**Records contained in a dataset**

Lemma hyp_coef_derive (al be : R) (n : nat) : 0 < be ->
  be * (INR (S n) * hyp_coef al be (S n)) = al * hyp_coef (al + 1) (be + 1) n.
Proof.
  intros Hbe; unfold hyp_coef.
  rewrite !INR_fact_S, !S_INR, (rpoch_S_shift al n), (rpoch_S_shift be n).
  pose proof (rpoch_pos (be + 1) n ltac:(lra)); pose proof (INR_fact_neq_0 n).
  pose proof (pos_INR n).
  field; repeat split; lra.
Qed.

Definition re_pow (z : C) (n : nat) : R := Re (cpow z n).
Definition im_pow (z : C) (n : nat) : R := Im (cpow z n).

Lemma re_pow_S (z : C) (n : nat) : re_pow z (S n) = re_pow z n * Re z - im_pow z n * Im z.
Proof. unfold re_pow, im_pow; simpl; destruct (cpow z n), z; reflexivity. Qed.

Lemma im_pow_S (z : C) (n : nat) : im_pow z (S n) = re_pow z n * Im z + im_pow z n * Re z.
Proof. unfold re_pow, im_pow; simpl; destruct (cpow z n), z; reflexivity. Qed.

Lemma re_pow_0 (z : C) : re_pow z 0 = 1.
Proof. reflexivity. Qed.

Lemma im_pow_0 (z : C) : im_pow z 0 = 0.
Proof. reflexivity. Qed.

Lemma re_pow_1 (z : C) : re_pow z 1 = Re z.
Proof. rewrite re_pow_S, re_pow_0, im_pow_0; ring. Qed.

Lemma im_pow_1 (z : C) : im_pow z 1 = Im z.
Proof. rewrite im_pow_S, re_pow_0, im_pow_0; ring. Qed.

Lemma Cmod_cpow (z : C) (n : nat) : Cmod (cpow z n) = Cmod z ^ n.
Proof. induction n as [|n IH]; simpl; [apply Cmod_1|]; rewrite Cmod_mult, IH; ring. Qed.

Lemma im_le_Cmod (c : C) : Rabs (Im c) <= Cmod c.
Proof.
  rewrite <- (Rabs_pos_eq (Cmod c)) by apply Cmod_ge_0.
  apply Rsqr_le_abs_0; unfold Rsqr.
  pose proof (Cmod2_alt c); pose proof (pow2_ge_0 (Re c)); simpl in *; lra.
Qed.

Definition geom_bounded (w : nat -> R) : Prop :=
  exists K M : R, forall n, Rabs (w n) <= K * M ^ n.

Lemma geom_bounded_shift (w : nat -> R) : geom_bounded w -> geom_bounded (fun n => w (S n)).
Proof. intros (K & M & H); exists (K * M), M; intros n; rewrite Rmult_assoc; apply H. Qed.

Lemma geom_bounded_re_pow (z : C) : geom_bounded (re_pow z).
Proof.
  exists 1, (Cmod z); intros n; rewrite Rmult_1_l, <- Cmod_cpow; apply re_le_Cmod.
Qed.

Lemma geom_bounded_im_pow (z : C) : geom_bounded (im_pow z).
Proof.
  exists 1, (Cmod z); intros n; rewrite Rmult_1_l, <- Cmod_cpow; apply im_le_Cmod.
Qed.

Lemma CV_radius_infinite_le (a b : nat -> R) :
  (forall n, Rabs (a n) <= Rabs (b n)) -> CV_radius b = p_infty -> CV_radius a = p_infty.
Proof.
  intros Hab Hb.
  destruct (CV_radius_bounded a) as [Ha_ub _]; destruct (CV_radius_bounded b) as [_ Hb_lub].
  rewrite Hb in Hb_lub.
  assert (Hle : Rbar_le p_infty (CV_radius a)).
  { apply Hb_lub; intros x [C HC]; apply Ha_ub; exists C; intros n.
    eapply Rle_trans; [|apply (HC n)]; rewrite !Rabs_mult.
    apply Rmult_le_compat_r; [apply Rabs_pos|apply Hab]. }
  destruct (CV_radius a); simpl in Hle; tauto.
Qed.

Lemma CV_radius_pow_div_fact (K : R) : 0 < K -> CV_radius (fun n => K ^ n / INR (fact n)) = p_infty.
Proof.
  intros HK; apply CV_radius_infinite_DAlembert.
  - intros n; apply Rgt_not_eq, Rdiv_lt_0_compat; [apply pow_lt; lra|apply INR_fact_lt_0].
  - apply is_lim_seq_ext with (u := fun n => K * / (INR n + 1)).
    + intros n; rewrite INR_fact_S; pose proof (pos_INR n); pose proof (INR_fact_lt_0 n).
      rewrite Rabs_pos_eq; [simpl; field; split; [lra|split; [lra|apply pow_nonzero; lra]]|].
      apply Rlt_le, Rdiv_lt_0_compat; apply Rdiv_lt_0_compat; try apply pow_lt; nra.
    + replace (Finite 0) with (Rbar_mult K (Rbar_inv p_infty)) by (simpl; f_equal; ring).
      apply is_lim_seq_scal_l, is_lim_seq_inv; [|discriminate].
      eapply is_lim_seq_plus; [apply is_lim_seq_INR|apply is_lim_seq_const|constructor].
Qed.

Lemma CV_radius_hyp (al be : R) (w : nat -> R) : 0 < be -> geom_bounded w ->
  CV_radius (fun n => hyp_coef al be n * w n) = p_infty.
Proof.
  intros Hbe (K & M & Hw).
  set (m := 1 + Rabs al / be).
  assert (Hm : 1 <= m) by (unfold m; pose proof (Rabs_pos al);
                           assert (0 <= Rabs al / be) by (apply Rdiv_le_0_compat; lra); lra).
  apply CV_radius_infinite_le
    with (b := fun n => (Rabs K + 1) * ((m * (Rabs M + 1)) ^ n / INR (fact n))).
  - intros n; pose proof (INR_fact_lt_0 n); pose proof (Rabs_pos M); pose proof (Rabs_pos K).
    rewrite Rabs_mult, (Rabs_pos_eq (_ * _))
      by (apply Rmult_le_pos; [lra|apply Rlt_le, Rdiv_lt_0_compat; [apply pow_lt; nra|lra]]).
    assert (HwM : Rabs (w n) <= (Rabs K + 1) * (Rabs M + 1) ^ n).
    { eapply Rle_trans; [apply Hw|]; eapply Rle_trans; [apply Rle_abs|].
      rewrite Rabs_mult, <- RPow_abs.
      apply Rmult_le_compat; [apply Rabs_pos|apply pow_le, Rabs_pos|lra|].
      apply pow_incr; split; [apply Rabs_pos|lra]. }
    rewrite Rpow_mult_distr.
    replace ((Rabs K + 1) * (m ^ n * (Rabs M + 1) ^ n / INR (fact n)))
      with (m ^ n / INR (fact n) * ((Rabs K + 1) * (Rabs M + 1) ^ n)) by (field; lra).
    apply Rmult_le_compat; try apply Rabs_pos; [apply hyp_coef_abs_le, Hbe|exact HwM].
  - rewrite (CV_radius_ext _
      (PS_scal (Rabs K + 1) (fun n => (m * (Rabs M + 1)) ^ n / INR (fact n))))
      by reflexivity.
    rewrite CV_radius_scal by (pose proof (Rabs_pos K); lra).
    apply CV_radius_pow_div_fact; pose proof (Rabs_pos M); nra.
Qed.

Lemma ex_pseries_lin (a b : nat -> R) (x y s : R) : ex_pseries a s -> ex_pseries b s ->
  ex_pseries (fun n => x * a n + y * b n) s.
Proof.
  intros Ha Hb.
  apply (ex_pseries_ext (PS_plus (PS_scal x a) (PS_scal y b))); [reflexivity|].
  apply ex_pseries_plus; apply ex_pseries_scal; auto; apply Rmult_comm.
Qed.

Lemma PSeries_lin (a b : nat -> R) (x y s : R) : ex_pseries a s -> ex_pseries b s ->
  PSeries (fun n => x * a n + y * b n) s = x * PSeries a s + y * PSeries b s.
Proof.
  intros Ha Hb.
  rewrite <- (PSeries_scal x a), <- (PSeries_scal y b), <- PSeries_plus.
  - apply PSeries_ext; reflexivity.
  - apply ex_pseries_scal; auto; apply Rmult_comm.
  - apply ex_pseries_scal; auto; apply Rmult_comm.
Qed.

Lemma PSeries_mult_derive (a : nat -> R) (s : R) :
  s * PSeries (PS_derive a) s = PSeries (fun n => INR n * a n) s.
Proof.
  rewrite <- PSeries_incr_1; apply PSeries_ext; intros [|n]; simpl; [|reflexivity].
  unfold zero; simpl; ring.
Qed.

(* For real parameters, [hyp_ser al be (re_pow z) s] and [hyp_ser al be (im_pow z) s] are the
   real and imaginary parts of 1F1(al; be; s z) (see [hyp1F1_RtoC]). *)
Definition hyp_ser (al be : R) (w : nat -> R) (s : R) : R :=
  PSeries (fun n => hyp_coef al be n * w n) s.

Definition hyp_ser_deriv (al be : R) (w : nat -> R) (s : R) : R :=
  PSeries (PS_derive (fun n => hyp_coef al be n * w n)) s.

**Assignment**
Where a line of the records contains the word "ring", copy that line.

**Completed task**
Proof. rewrite re_pow_S, re_pow_0, im_pow_0; ring. Qed.
Proof. rewrite im_pow_S, re_pow_0, im_pow_0; ring. Qed.
Proof. induction n as [|n IH]; simpl; [apply Cmod_1|]; rewrite Cmod_mult, IH; ring. Qed.
    + replace (Finite 0) with (Rbar_mult K (Rbar_inv p_infty)) by (simpl; f_equal; ring).
  unfold zero; simpl; ring.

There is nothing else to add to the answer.